私はいま妊活中なのですが、糖質制限をはじめて腸の調子が悪くなりました。糖質制限と腸内フローラは関係するのでしょうか?

先生

妊活中ということは、ストレスを感じやすい生活を送られているかもしれませんね。ストレスは免疫力を低下させます。体調が悪いときに糖質制限の食事療法を取り入れられたことで、お腹の調子が悪くなった可能性はあります。腸内フローラが良い状態で保たれているかは、お通じが毎日規則正しくあるかどうかだと言われています。それもバナナ1.5本以上ぐらいの大きさが望ましいとのことです。

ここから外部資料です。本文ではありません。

(* Let $S=\{a_1,\ldots,a_m\}$ be an alphabet of $m$ distinct letters and let $r_1,\ldots,r_m$ be nonnegative integers. For $k\ge0$ let $n_k$ denote the number of factorizations on $S$ with exactly $k$ parts such that each part is a Carlitz word and, for each $i$, the letter $a_i$ is used exactly $r_i$ times in total. Then \[ \prod_{i=1}^m l_{r_i}(x) = \sum_{k\ge 0} n_k\, l_k(x). \]
   Context: A word is a finite sequence of letters; it is Carlitz if no two adjacent letters are equal. A factorization on $S$ is an ordered list $(\phi_1)\cdots(\phi_k)$ of nonempty words on $S$, its parts. The polynomials $l_k$ are defined by $\sum_{k\ge0}l_k(x)z^k=e^{xz/(1+z)}$, i.e. $l_k(x)=(-1)^kL_k^{(-1)}(x)$ where $L_k^{(\alpha)}$ are the generalized Laguerre polynomials. *)

From HB Require Import structures.
From mathcomp Require Import all_boot all_order all_algebra.
Set Implicit Arguments. Unset Strict Implicit. Unset Printing Implicit Defensive.
Import Order.TTheory GRing.Theory Num.Theory.
Local Open Scope ring_scope.

(* The alphabet S = {a_1,...,a_m} of m distinct letters is modelled by 'I_m;
   words on S are elements of seq 'I_m; a factorization is a seq of words. *)

Definition carlitz (m : nat) (w : seq 'I_m) : bool :=
  sorted (fun a b : 'I_m => a != b) w.

Definition words_upto (m L : nat) : seq (seq 'I_m) :=
  flatten [seq [seq val t | t : l.-tuple 'I_m] | l <- iota 1 L].

Fixpoint facts_upto (m L k : nat) : seq (seq (seq 'I_m)) :=
  if k is k'.+1 then
    [seq w :: f | w <- words_upto m L, f <- facts_upto m L k']
  else [:: [::]].

Definition good_fact (m : nat) (r : 'I_m -> nat) (f : seq (seq 'I_m)) : bool :=
  all (@carlitz m) f && [forall i : 'I_m, count_mem i (flatten f) == r i].

(* Such a factorization has total
   length sum_i r_i, so every part has length <= sum_i r_i; hence enumerating
   parts of length at most sum_i r_i counts all of them. *)
Definition nfact (m : nat) (r : 'I_m -> nat) (k : nat) : nat :=
  count (good_fact r) (facts_upto m (\sum_(i < m) r i)%N k).

(* l_k(x) = [z^k] exp(x z/(1+z)).  Expanding,
   exp(xz/(1+z)) = sum_j x^j/j! z^j (1+z)^(-j), and
   [z^k] z^j (1+z)^(-j) = (-1)^(k-j) C(k-1, j-1) for 1 <= j <= k, so
   l_0 = 1 and l_k = sum_{j=1}^k (-1)^(k-j) C(k-1,j-1) x^j / j!  (k >= 1). *)
Definition lpoly (R : numFieldType) (k : nat) : {poly R} :=
  if k is k'.+1 then
    \sum_(1 <= j < k.+1)
      (((-1) ^+ (k - j) * ('C(k', j.-1))%:R / (j`!)%:R) *: 'X^j)
  else 1.

From HB Require Import structures.
From mathcomp Require Import all_boot all_order all_algebra.
From mathcomp Require Import mpoly.
Import Order.TTheory GRing.Theory Num.Theory.
Local Open Scope ring_scope.
Set Implicit Arguments. Unset Strict Implicit. Unset Printing Implicit Defensive.

(* We compute with polynomials in commuting variables x_1, ..., x_m over R[x],
   modulo all monomials of total degree > N := r_1 + ... + r_m.  Let C be the
   generating function of nonempty Carlitz words (x_i marking a_i) and
   q(y) := y/(1+y).  Splitting a Carlitz word after its first letter gives
   the classical identity q(C) = q(x_1) + ... + q(x_m).  Since
   sum_k l_k(x) y^k = exp(x q(y)) and exp(x(a + b)) = exp(x a) exp(x b),
     sum_k l_k C^k = exp(x (q(x_1) + ... + q(x_m))) = prod_i sum_t l_t x_i^t,
   and the coefficients of x_1^r_1 ... x_m^r_m are the two sides of the
   identity, because that coefficient of C^k counts the factorizations into
   k Carlitz parts with content r. *)

Section VanishBelow.
Variables (R : comNzRingType) (m : nat).
Local Notation M := {mpoly R[m]}.

Definition vanish_below (n : nat) (f : M) : bool :=
  all (fun mu : 'X_{1..m} => n <= mdeg mu)%N (msupp f).

Lemma vanish_belowP n f :
  reflect (forall mu : 'X_{1..m}, (mdeg mu < n)%N -> f@_mu = 0) (vanish_below n f).
Proof.
apply: (iffP allP) => [f0 mu lt_mu | f0 mu].
  by apply/eqP; rewrite mcoeff_eq0; apply: contraL lt_mu => /f0; rewrite -leqNgt.
by rewrite mcoeff_msupp; apply: contraR; rewrite -ltnNge => /f0 ->; rewrite eqxx.
Qed.

Lemma vanish_belowW n n' f : (n <= n')%N -> vanish_below n' f -> vanish_below n f.
Proof.
move=> le_nn' /vanish_belowP f0; apply/vanish_belowP => mu lt_mu.
by apply: f0; apply: leq_trans le_nn'.
Qed.

Lemma vanish_below0 n : vanish_below n 0.
Proof. by apply/vanish_belowP => mu _; rewrite mcoeff0. Qed.

Lemma vanish_belowD n f g :
  vanish_below n f -> vanish_below n g -> vanish_below n (f + g).
Proof.
move=> /vanish_belowP f0 /vanish_belowP g0; apply/vanish_belowP => mu lt_mu.
by rewrite mcoeffD f0 ?g0 ?addr0.
Qed.

Lemma vanish_belowN n f : vanish_below n f -> vanish_below n (- f).
Proof. by rewrite /vanish_below (perm_all _ (msuppN f)). Qed.

Lemma vanish_belowB n f g :
  vanish_below n f -> vanish_below n g -> vanish_below n (f - g).
Proof. by move=> f0 /vanish_belowN; apply: vanish_belowD. Qed.

Lemma vanish_belowZ n (c : R) f : vanish_below n f -> vanish_below n (c *: f).
Proof.
move=> /vanish_belowP f0; apply/vanish_belowP => mu lt_mu.
by rewrite mcoeffZ f0 ?mulr0.
Qed.

Lemma vanish_below_sum n (I : Type) (s : seq I) (P : pred I) (F : I -> M) :
  (forall i, P i -> vanish_below n (F i)) ->
  vanish_below n (\sum_(i <- s | P i) F i).
Proof.
move=> F0; elim/big_rec: _ => [|i f Pi f0]; first exact: vanish_below0.
by apply: vanish_belowD => //; apply: F0.
Qed.

Lemma vanish_belowM n p f g :
  vanish_below n f -> vanish_below p g -> vanish_below (n + p) (f * g).
Proof.
move=> /vanish_belowP f0 /vanish_belowP g0; apply/vanish_belowP => mu lt_mu.
rewrite mcoeffM big1 // => k /eqP mu_k.
have : (mdeg k.1 + mdeg k.2 < n + p)%N by rewrite -mdegD -mu_k.
case: (ltnP (mdeg k.1) n) => [lt1|le1] lt12; first by rewrite f0 ?mul0r.
rewrite g0 ?mulr0 // -(ltn_add2l (mdeg k.1)).
by apply: leq_trans lt12 _; rewrite leq_add2r.
Qed.

Lemma vanish_belowMr n f g : vanish_below n f -> vanish_below n (f * g).
Proof. by move=> f0; rewrite -[n]addn0; apply: vanish_belowM => //; apply/vanish_belowP. Qed.

Lemma vanish_belowMl n f g : vanish_below n g -> vanish_below n (f * g).
Proof. by rewrite mulrC; apply: vanish_belowMr. Qed.

Lemma vanish_belowX k f : vanish_below 1 f -> vanish_below k (f ^+ k).
Proof.
move=> f0; elim: k => [|k IHk]; first exact/vanish_belowP.
by rewrite exprS -add1n; apply: vanish_belowM.
Qed.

糖質を少し増やし、朝に穀類や納豆、ファイバーを取ると改善してくるでしょう。十分な睡眠をとることも、とても大事です。妊娠に良いとされている食事を含む生活習慣と腸内フローラに良いとされる生活習慣は似ているような気がします。ひょっとすると「腸年齢を若く保つ」ことは「卵巣年齢」よりも大事なことかもしれません。